Please let me know if anyone did pass within aws ubuntu server environment. @mdmintz I hope it would be helpful bypassing recent cloudflare.

• Add uc_gui_click_screenshot method (SeleniumBase > seleniumbase > core > browser_launcher.py)

def uc_gui_click_screenshot(driver, screenshot_path):
    install_pyautogui_if_missing(driver)
    import pyautogui
    pyautogui = get_configured_pyautogui(pyautogui)
    gui_lock = fasteners.InterProcessLock(
        constants.MultiBrowser.PYAUTOGUILOCK
    )
    with gui_lock:
        button7location = pyautogui.locateOnScreen(screenshot_path)
        buttonx, buttony = pyautogui.center(button7location)
        pyautogui.click(buttonx, buttony) 

• Execute with test code

from seleniumbase import SB
import sys

agent = "Mozilla/5.0 (Windows NT 10.0; Win64; x64) Chrome/126.0.0.0"
if "linux" in sys.platform:
    agent = None

with SB(test=True, uc=True, rtf=True, locale_code="en") as sb:
    url = "https://dexscreener.com/"
    sb.uc_open_with_disconnect(url, 3.5)
    sb.uc_gui_click_screenshot(screenshot_path=r"C:/data/test/checkbox_en.png")

Did use screenshot below

seleniumbase_test.mp4

I just noticed uc_gui_handle_cf stopped working on Windows for me, so I'm hoping this solves my issue aswell! Regarding the screenshot you used, will it still work incase the browser is in dark mode, or will it require another screenshot?

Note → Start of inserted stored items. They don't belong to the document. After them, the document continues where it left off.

Lemma xg_connected_side (A U1 U2 : xpt V E -> Prop) :
  xg_connected ends A -> xg_open ends U1 -> xg_open ends U2 ->
  (forall x, A x -> U1 x \/ U2 x) -> (forall x, A x -> U1 x -> U2 x -> False) ->
  (forall x, A x -> U1 x) \/ (forall x, A x -> U2 x).
Proof.
  intros HA o1 o2 cov disj. apply NNPP. intros Hn. apply not_or_and in Hn as [n1 n2].
  destruct (not_all_ex_not _ _ n1) as [x1 H1]. destruct (not_all_ex_not _ _ n2) as [x2 H2].
  apply imply_to_and in H1 as [A1 N1]. apply imply_to_and in H2 as [A2 N2].
  apply HA. exists U1, U2. repeat split; auto.
  - exists x2. destruct (cov x2 A2); tauto.
  - exists x1. destruct (cov x1 A1); tauto.
Qed.

Lemma xg_connected_union (A B : xpt V E -> Prop) :
  xg_connected ends A -> xg_connected ends B -> (exists z, A z /\ B z) ->
  xg_connected ends (fun y => A y \/ B y).
Proof.
  intros HA HB [z [Az Bz]] [U1 [U2 [o1 [o2 [cov [[x1 [Hx1 U1x1]] [[x2 [Hx2 U2x2]] disj]]]]]]].
  destruct (xg_connected_side HA o1 o2 (fun x h => cov x (or_introl h))
              (fun x h => disj x (or_introl h))) as [a | a];
  destruct (xg_connected_side HB o1 o2 (fun x h => cov x (or_intror h))
              (fun x h => disj x (or_intror h))) as [b | b].
  - destruct Hx2 as [h | h]; apply (disj x2); auto.
  - exact (disj z (or_introl Az) (a z Az) (b z Bz)).
  - exact (disj z (or_introl Az) (b z Bz) (a z Az)).
  - destruct Hx1 as [h | h]; apply (disj x1); auto.
Qed.

Definition inner_edges (Z : list (xpt V E)) : list E :=
  flat_map (fun z => match z with PV _ => nil | Defs.PI e _ => e :: nil end) Z.

Lemma edge_pt_notin_cut (Z : list (xpt V E)) e t :
  (forall z, In z Z -> exists e t, z = Defs.PI e t) -> ~ In e (inner_edges Z) ->
  ~ In (edge_pt ends e t) Z.
Proof.
  intros HZ He Hin. destruct (edge_pt_cases e t) as [[v Hv] | [h Hh]].
  - rewrite Hv in Hin. destruct (HZ _ Hin) as [? [? ?]]. discriminate.
  - rewrite Hh in Hin. apply He, in_flat_map. exists (Defs.PI e h). simpl; auto.
Qed.

Lemma xg_component_walk (Z : list (xpt V E)) x a b :
  (forall z, In z Z -> exists e t, z = Defs.PI e t) ->
  conn_avoid ends (inner_edges Z) a b ->
  xg_component ends (fun y => ~ In y Z) x (PV a) ->
  xg_component ends (fun y => ~ In y Z) x (PV b).
Proof.
  intros HZ. induction 1 as [u | u w y e He Hj _ IH]; [trivial|].
  intros [A [HAZ [HAc [HAx HAu]]]]. apply IH.
  destruct (edge_image_joins Hj) as [Eu Ew].
  exists (fun q => A q \/ edge_image e q). repeat split.
  - intros q [Hq | [t [_ ->]]]; [exact (HAZ q Hq) | exact (edge_pt_notin_cut HZ He)].
  - apply xg_connected_union; [exact HAc | apply edge_image_connected | eauto].
  - left. exact HAx.
  - right. exact Ew.
Qed.

Lemma basic_set_walk_closed (B : gpt ends -> Prop) : basic_set B -> exists F, forall a b,
  B (inl (PV a)) -> conn_avoid ends F a b -> B (inl (PV b)).
Proof.
  intros [Z [x [HZ [_ HB]]]]. exists (inner_edges Z). intros a b Ha Hab.
  apply HB. apply HB in Ha. exact (xg_component_walk HZ Hab Ha).
Qed.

I don't use this library, but just found this thread because my scripts also failed a few days ago. I'm using slightly different method of controlling everything, but yes, they started detecting any js related clicks, that's the main problem. For me residential proxies + ubuntu + Xvfb + fluxbox works okay. I had some problems with moving everything into docker container but it works without docker. So I have checkbox and I can't click it with code, but I can click it with mouse using remote desktop control x11vnc and it works. So the main problem for now is click detection.

To bypass recent cloudflare, I used locateOnScreen method within pyautogui. It works fine in aws window server. But, didn't work in aws ubuntu server. 😥 (without GUI) I attach how I did to help you guys bypass cloudflare. Please let me know if anyone did pass within aws ubuntu server environment. @mdmintz I hope it would be helpful bypassing recent cloudflare.

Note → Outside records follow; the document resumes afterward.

Lemma coef_restrict_to_line_homog d G q r : G \is d.-homog ->
  (restrict_to_line G q r)`_d = G.@[r].
Proof.
move=> homG; have <- : G.@[lincomb 0 q 1 r] = G.@[r].
  by apply: meval_eq => i; rewrite /lincomb; ring.
rewrite (meval_lincomb_homog _ _ _ _ homG) big_ord_recr /= big1 => [|i _].
  by rewrite subnn expr0 expr1n !mul1r add0r.
by rewrite expr0n subn_eq0 leqNgt ltn_ord !mul0r.
Qed.

Lemma coef1_restrict_to_line_lincomb G q r1 r2 a b :
  (restrict_to_line G q (lincomb a r1 b r2))`_1 =
  a * (restrict_to_line G q r1)`_1 + b * (restrict_to_line G q r2)`_1.
Proof.
rewrite !coef1_restrict_to_line !mulr_sumr -big_split /=.
by apply: eq_bigr => i _; rewrite /lincomb; ring.
Qed.

Lemma eq_eckardt_point G p p' : p =1 p' -> eckardt_point G p -> eckardt_point G p'.
Proof.
move=> eq_p [[i nz_pi] Gp cone].
have eq_tangent y y' : y =1 y' ->
    on_tangent_hyperplane G p y = on_tangent_hyperplane G p' y'.
  move=> eq_y; rewrite /on_tangent_hyperplane; congr (_ = 0).
  by apply: eq_bigr => l _; rewrite (meval_eq _ eq_p) eq_y.
have eq_line a b x : lincomb a p b x =1 lincomb a p' b x.
  by move=> l; rewrite /lincomb eq_p.
split.
- by exists i; rewrite -eq_p.
- by rewrite -(meval_eq _ eq_p).
- move=> x; rewrite -(eq_tangent x x) // => -[Gx tx] a b.
  have [Gab tab] := cone x (conj Gx tx) a b.
  by split; [rewrite -(meval_eq _ (eq_line a b x)) | rewrite -(eq_tangent _ _ (eq_line a b x))].
Qed.

Lemma eckardt_line_coef G p x (c0 c1 c2 c3 : K) :
  eckardt_point G p -> G.@[x] = 0 ->
  (forall s, G.@[fun i => p i + x i * s] = c0 + c1 * s + c2 * s ^+ 2 + c3 * s ^+ 3) ->
  c1 = 0 -> c2 + c3 = 0.
Proof.
move=> [_ Gp cone] Gx line c1_0.
have coefs : restrict_to_line G p x = \poly_(i < 4) [:: c0; c1; c2; c3]`_i.
  apply: poly_eq_on_nonzero => s _.
  by rewrite horner_restrict_to_line line horner_poly !big_ord_recr big_ord0 /=; ring.
have c0_0 : c0 = 0 by rewrite -Gp -(coef0_restrict_to_line G p x) coefs coef_poly.
have tangent : on_tangent_hyperplane G p x.
  by rewrite /on_tangent_hyperplane -coef1_restrict_to_line coefs coef_poly.
have [+ _] := cone x (conj Gx tangent) 1 1.
have -> : G.@[lincomb 1 p 1 x] = G.@[fun i => p i + x i * 1].
  by apply: meval_eq => i; rewrite /lincomb; ring.
by rewrite line c0_0 c1_0 => line1; rewrite -[RHS]line1; ring.
Qed.

Lemma coef_mup0 (h : {poly K}) : h != 0 ->
  (forall i, (i < mup 0 h)%N -> h`_i = 0) /\ h`_(mup 0 h) != 0.
Proof.
move=> nz_h; set m := mup 0 h.
have /dvdpP [g Eh] : 'X^m %| h by rewrite -(subr0 'X) -polyC0 -mup_geq.
split=> [i lt_im|]; first by rewrite Eh coefMXn lt_im.
rewrite Eh coefMXn ltnn subnn; apply/negP => /eqP g0.
have : ('X - 0%:P) ^+ m.+1 %| h.
  rewrite Eh exprS dvdp_mul ?dvdp_XsubCl ?polyC0 ?subr0 //.
  by rewrite /root horner_coef0 g0.
by rewrite -mup_geq // ltnn.
Qed.

Lemma tangent_mult2_normal_form F (l1 l2 : 'I_n -> K) :
  F \is 3.-homog -> tangent_mult2 F l1 l2 ->
  exists a b c d : K, a * d - b * c != 0 /\
    forall l m, F.@[lincomb l (lincomb a l1 b l2) m (lincomb c l1 d l2)] = l * m ^+ 2.
Proof.
move=> homF [a [b [c [d [det [nz_h mup_h]]]]]].
set h := restrict_to_line _ _ _ in nz_h mup_h.
have [h_lt nz_h2] := coef_mup0 nz_h; rewrite mup_h in h_lt nz_h2.
set al := h`_2 in nz_h2; set bt := h`_3.
exists (a / al), (b / al), (c - bt / al * a), (d - bt / al * b); split.
  have -> : a / al * (d - bt / al * b) - b / al * (c - bt / al * a) = (a * d - b * c) / al.
    by field.
  by rewrite mulf_neq0 ?invr_eq0.
move=> l m; have -> : F.@[lincomb l (lincomb (a / al) l1 (b / al) l2) m
    (lincomb (c - bt / al * a) l1 (d - bt / al * b) l2)] =
    F.@[lincomb (l / al - m * bt / al) (lincomb a l1 b l2) m (lincomb c l1 d l2)].
  by apply: meval_eq => i; rewrite /lincomb; field.
rewrite (meval_lincomb_homog _ _ _ _ homF) -/h !big_ord_recr big_ord0 /=.
by rewrite (h_lt 0%N) // (h_lt 1%N) // -/al -/bt; field.
Qed.
End LineRestriction.

Section CubicFourfold.
Variables (K : closedFieldType) (F : {mpoly K[4]}) (t : K) (j k : nat).
Hypothesis jk : (j = 1 /\ k = 2)%N \/ (j = 2 /\ k = 1)%N.
Hypothesis charK : [pchar K] =i pred0.

Definition vec4 (u0 uj uk u3 : K) : 'I_4 -> K := fun i =>
  if (i : nat) == 0%N then u0 else if (i : nat) == j then uj else if (i : nat) == k then uk else u3.

Definition pt6 (u0 uj uk u3 x4 x5 : K) : 'I_6 -> K := fun i =>
  if (i : nat) == 0%N then u0 else if (i : nat) == j then uj else if (i : nat) == k then uk
  else if (i : nat) == 3%N then u3 else if (i : nat) == 4%N then x4 else x5.

Lemma Yeq_pt6 u0 uj uk u3 x4 x5 :
  (Yeq F t).@[pt6 u0 uj uk u3 x4 x5] =
  x4 ^+ 3 - F.@[vec4 u0 uj uk u3] + x5 * (u0 * u3 - uj * uk) + t * (u0 * x5 ^+ 2).
Proof.
rewrite /Yeq /F6 !(mevalD, mevalN, mevalM, rmorphXn, mevalC, mevalXU) comp_mpoly_meval /X6.
have -> : F.@[fun i => (tnth [tuple 'X_(inord 0); 'X_(inord 1); 'X_(inord 2); 'X_(inord 3)] i)
    .@[pt6 u0 uj uk u3 x4 x5]] = F.@[vec4 u0 uj uk u3].
  apply: meval_eq => -[[|[|[|[|//]]]] lt_i4]; rewrite /= mevalXU /pt6 /vec4 inordK //=;
  by case: jk => [[-> ->]|[-> ->]].
by rewrite /pt6 !inordK //; case: jk => [[-> ->]|[-> ->]] /=; ring.
Qed.

Lemma pt6_eta (p : 'I_6 -> K) : p (inord 0) = 0 -> p (inord j) = 0 ->
  p =1 pt6 0 0 (p (inord k)) (p (inord 3)) (p (inord 4)) (p (inord 5)).
Proof.
move=> p0 pj i; rewrite -[i]inord_val /pt6 inordK //.
by case: jk => [[ej ek]|[ej ek]]; rewrite ej ek in pj *; case: i => [[|[|[|[|[|[|//]]]]]] ?].
Qed.

Lemma e4_3 : e4 K 3 =1 vec4 0 0 0 1.
Proof.
move=> i; rewrite -[i]inord_val /e4 /evec /vec4 -val_eqE /= !inordK //.
by case: jk => [[-> ->]|[-> ->]]; case: i => [[|[|[|[|//]]]] ?].
Qed.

• Add uc_gui_click_screenshot method (SeleniumBase > seleniumbase > core > browser_launcher.py)

def uc_gui_click_screenshot(driver, screenshot_path):
    install_pyautogui_if_missing(driver)
    import pyautogui
    pyautogui = get_configured_pyautogui(pyautogui)
    gui_lock = fasteners.InterProcessLock(
        constants.MultiBrowser.PYAUTOGUILOCK
    )
    with gui_lock:
        button7location = pyautogui.locateOnScreen(screenshot_path)
        buttonx, buttony = pyautogui.center(button7location)
        pyautogui.click(buttonx, buttony) 

• Execute with test code

from seleniumbase import SB
import sys

agent = "Mozilla/5.0 (Windows NT 10.0; Win64; x64) Chrome/126.0.0.0"
if "linux" in sys.platform:
    agent = None

with SB(test=True, uc=True, rtf=True, locale_code="en") as sb:
    url = "https://dexscreener.com/"
    sb.uc_open_with_disconnect(url, 3.5)
    sb.uc_gui_click_screenshot(screenshot_path=r"C:/data/test/checkbox_en.png")

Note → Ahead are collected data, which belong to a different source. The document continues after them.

Lemma RInt_sqr_Chasles (f : R -> R) (x y z : R) :
  x <= y <= z -> (forall w, x <= w <= z -> continuity_pt f w) ->
  RInt (fun w => f w ^ 2) x y + RInt (fun w => f w ^ 2) y z = RInt (fun w => f w ^ 2) x z.
Proof.
  intros Hxyz Hf. apply (RInt_Chasles (V := R_CompleteNormedModule));
    apply ex_RInt_sqr; try lra; intros; apply Hf; lra.
Qed.

Lemma continuity_pt_of_is_derive (f : R -> R) (x l : R) :
  is_derive f x l -> continuity_pt f x.
Proof.
  intros Hf. apply continuity_pt_filterlim.
  apply (ex_derive_continuous (K := R_AbsRing) (V := R_NormedModule)). now exists l.
Qed.

Lemma atan_pos (t : R) : 0 < t -> 0 < atan t.
Proof. intros Ht. rewrite <- atan_0. now apply atan_increasing. Qed.

Lemma pow2_gt_0 (x : R) : x <> 0 -> 0 < x ^ 2.
Proof. intros Hx. rewrite <- Rsqr_pow2. now apply Rsqr_pos_lt. Qed.

(** * Finite sums and the min-max value *)

Lemma lsum_ext (n : nat) (f g : nat -> R) :
  (forall i, (i < n)%nat -> f i = g i) -> lsum n f = lsum n g.
Proof.
  induction n as [|n IH]; intros H; simpl; [reflexivity|].
  rewrite IH by (intros; apply H; lia). rewrite H by lia. reflexivity.
Qed.

Lemma lsum_plus (n : nat) (f g : nat -> R) :
  lsum n (fun i => f i + g i) = lsum n f + lsum n g.
Proof. induction n as [|n IH]; simpl; [|rewrite IH]; ring. Qed.

Lemma lsum_scal (n : nat) (c : R) (f : nat -> R) :
  lsum n (fun i => c * f i) = c * lsum n f.
Proof. induction n as [|n IH]; simpl; [|rewrite IH]; ring. Qed.

Lemma lsum_0 (n : nat) : lsum n (fun _ => 0) = 0.
Proof. induction n as [|n IH]; simpl; [|rewrite IH]; ring. Qed.

Lemma lsum_le (n : nat) (f g : nat -> R) :
  (forall i, (i < n)%nat -> f i <= g i) -> lsum n f <= lsum n g.
Proof.
  induction n as [|n IH]; intros H; simpl; [lra|].
  specialize (IH (fun i Hi => H i ltac:(lia))). specialize (H n ltac:(lia)). lra.
Qed.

Did use screenshot below seleniumbase_test.mp4

I just noticed uc_gui_handle_cf stopped working on Windows for me, so I'm hoping this solves my issue aswell! Regarding the screenshot you used, will it still work incase the browser is in dark mode, or will it require another screenshot?

@jens4626 Yes, I think you should use screenshot of dark mode chrome.